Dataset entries
Segment Open

Lemma internal_degree_weight_le (eps : R) :
  (forall i : Vn, col i == a -> colour_weight ends J En col (val i) a <= eps) ->
  \sum_x (internal_degree x)%:R * `|J (val x)| <= #|[set i | col i == a]|%:R * eps.
Proof.
move=> weight_le; rewrite card_set_sum_nat natr_sum mulr_suml /internal_degree.
under eq_bigr do rewrite natr_sum mulr_suml.
rewrite exchange_big /=; apply: ler_sum => i _.
case ci: (col i == a) => /=; last by rewrite mul0r big1 // => x _; rewrite mul0r.
rewrite mul1r; apply: le_trans (weight_le i ci).
rewrite /colour_weight [X in _ <= X]big_mkcond /=; apply: ler_sum => x _.
case: incident => /=; last by rewrite mul0r.
case int: (internal x) => /=; last by rewrite mul0r mulr_ge0.
suff -> : colour_of col (nbr ends (val i) (val x)) == Some a by [].
by move: int; rewrite /internal /in_class /nbr; case: ifP => _ /andP [].
Qed.

Lemma sealed_le_isolated_or_open e i :
  (sealed i e <=
   [forall x : En, incident ends (val i) (val x) ==> ~~ e x] +
   \sum_x ((col i == a) && incident ends (val i) (val x) && internal x) * e x)%N.
Proof.
case: (boolP (sealed i e)) => [/andP [ci closed]|] //.
case: (boolP [forall x, _]) => // /forallPn [x]; rewrite negb_imply negbK => /andP [inc ex].
have int : internal x.
  by have := forallP closed x; rewrite /exit_edge inc ex /= implybF negbK.
by rewrite (bigD1 x) //= ci inc int ex.
Qed.

Lemma sealed_count_le e :
  (sealed_count e <= isolated_count ends Vn e + open_internal_degree e)%N.
Proof.
rewrite /isolated_count card_set_sum_nat /open_internal_degree /internal_degree.
under [X in (_ <= _ + X)%N]eq_bigr do rewrite big_distrl /=.
rewrite exchange_big -big_split /=; apply: leq_sum => i _.
exact: sealed_le_isolated_or_open.
Qed.
(* For all probability measures $P,Q$ and all $\gamma\in[1,\infty)$, $$E_\gamma(P\|Q)\le\tfrac12\Bigl[1-\gamma+\sqrt{(\gamma-1)^2+\frac{4\gamma\,\chi^2(P\|Q)}{1+\gamma+\chi^2(P\|Q)}}\,\Bigr],$$ $$E_\gamma(P\|Q)\le\tfrac12\Bigl[1-\gamma+\sqrt{(\gamma-1)^2+4\gamma\bigl(1-e^{-D(P\|Q)}\bigr)}\,\Bigr],$$ where $D(P\|Q)$ is measured in nats. In particular ($\gamma=1$), $|P-Q|\le 2\sqrt{1-e^{-D(P\|Q)}}$.
   Context: For densities $p,q$ w.r.t. a dominating measure $\mu$: $E_\gamma(P\|Q):=\int(p-\gamma q)^+\,\mathrm{d}\mu$; $|P-Q|:=\int|p-q|\,\mathrm{d}\mu=2E_1(P\|Q)$; $\chi^2(P\|Q):=\int\frac{(p-q)^2}{q}\,\mathrm{d}\mu$ (equal to $+\infty$ if $P\not\ll Q$); $D(P\|Q):=\int p\ln\frac pq\,\mathrm{d}\mu$ (relative entropy in nats, $+\infty$ if $P\not\ll Q$). *)

From HB Require Import structures.
From mathcomp Require Import all_boot all_order all_algebra.
From mathcomp Require Import all_classical all_reals all_analysis.
Set Implicit Arguments. Unset Strict Implicit. Unset Printing Implicit Defensive.
Import Order.TTheory GRing.Theory Num.Theory.
Local Open Scope ring_scope.
Local Open Scope ereal_scope.

Section fdiv.
Context d (T : measurableType d) (R : realType) (mu : {measure set T -> \bar R}).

Segment Closed

What to produce ::
Write the entries out again exactly.

Written response ::
Lemma internal_degree_weight_le (eps : R) :
  (forall i : Vn, col i == a -> colour_weight ends J En col (val i) a <= eps) ->
  \sum_x (internal_degree x)%:R * `|J (val x)| <= #|[set i | col i == a]|%:R * eps.
Proof.
move=> weight_le; rewrite card_set_sum_nat natr_sum mulr_suml /internal_degree.
under eq_bigr do rewrite natr_sum mulr_suml.
rewrite exchange_big /=; apply: ler_sum => i _.
case ci: (col i == a) => /=; last by rewrite mul0r big1 // => x _; rewrite mul0r.
rewrite mul1r; apply: le_trans (weight_le i ci).
rewrite /colour_weight [X in _ <= X]big_mkcond /=; apply: ler_sum => x _.
case: incident => /=; last by rewrite mul0r.
case int: (internal x) => /=; last by rewrite mul0r mulr_ge0.
suff -> : colour_of col (nbr ends (val i) (val x)) == Some a by [].
by move: int; rewrite /internal /in_class /nbr; case: ifP => _ /andP [].
Qed.

Lemma sealed_le_isolated_or_open e i :
  (sealed i e <=
   [forall x : En, incident ends (val i) (val x) ==> ~~ e x] +
   \sum_x ((col i == a) && incident ends (val i) (val x) && internal x) * e x)%N.
Proof.
case: (boolP (sealed i e)) => [/andP [ci closed]|] //.
case: (boolP [forall x, _]) => // /forallPn [x]; rewrite negb_imply negbK => /andP [inc ex].
have int : internal x.
  by have := forallP closed x; rewrite /exit_edge inc ex /= implybF negbK.
by rewrite (bigD1 x) //= ci inc int ex.
Qed.

Lemma sealed_count_le e :
  (sealed_count e <= isolated_count ends Vn e + open_internal_degree e)%N.
Proof.
rewrite /isolated_count card_set_sum_nat /open_internal_degree /internal_degree.
under [X in (_ <= _ + X)%N]eq_bigr do rewrite big_distrl /=.
rewrite exchange_big -big_split /=; apply: leq_sum => i _.
exact: sealed_le_isolated_or_open.
Qed.
(* For all probability measures $P,Q$ and all $\gamma\in[1,\infty)$, $$E_\gamma(P\|Q)\le\tfrac12\Bigl[1-\gamma+\sqrt{(\gamma-1)^2+\frac{4\gamma\,\chi^2(P\|Q)}{1+\gamma+\chi^2(P\|Q)}}\,\Bigr],$$ $$E_\gamma(P\|Q)\le\tfrac12\Bigl[1-\gamma+\sqrt{(\gamma-1)^2+4\gamma\bigl(1-e^{-D(P\|Q)}\bigr)}\,\Bigr],$$ where $D(P\|Q)$ is measured in nats. In particular ($\gamma=1$), $|P-Q|\le 2\sqrt{1-e^{-D(P\|Q)}}$.
   Context: For densities $p,q$ w.r.t. a dominating measure $\mu$: $E_\gamma(P\|Q):=\int(p-\gamma q)^+\,\mathrm{d}\mu$; $|P-Q|:=\int|p-q|\,\mathrm{d}\mu=2E_1(P\|Q)$; $\chi^2(P\|Q):=\int\frac{(p-q)^2}{q}\,\mathrm{d}\mu$ (equal to $+\infty$ if $P\not\ll Q$); $D(P\|Q):=\int p\ln\frac pq\,\mathrm{d}\mu$ (relative entropy in nats, $+\infty$ if $P\not\ll Q$). *)

From HB Require Import structures.
From mathcomp Require Import all_boot all_order all_algebra.
From mathcomp Require Import all_classical all_reals all_analysis.
Set Implicit Arguments. Unset Strict Implicit. Unset Printing Implicit Defensive.
Import Order.TTheory GRing.Theory Num.Theory.
Local Open Scope ring_scope.
Local Open Scope ereal_scope.

Section fdiv.
Context d (T : measurableType d) (R : realType) (mu : {measure set T -> \bar R}).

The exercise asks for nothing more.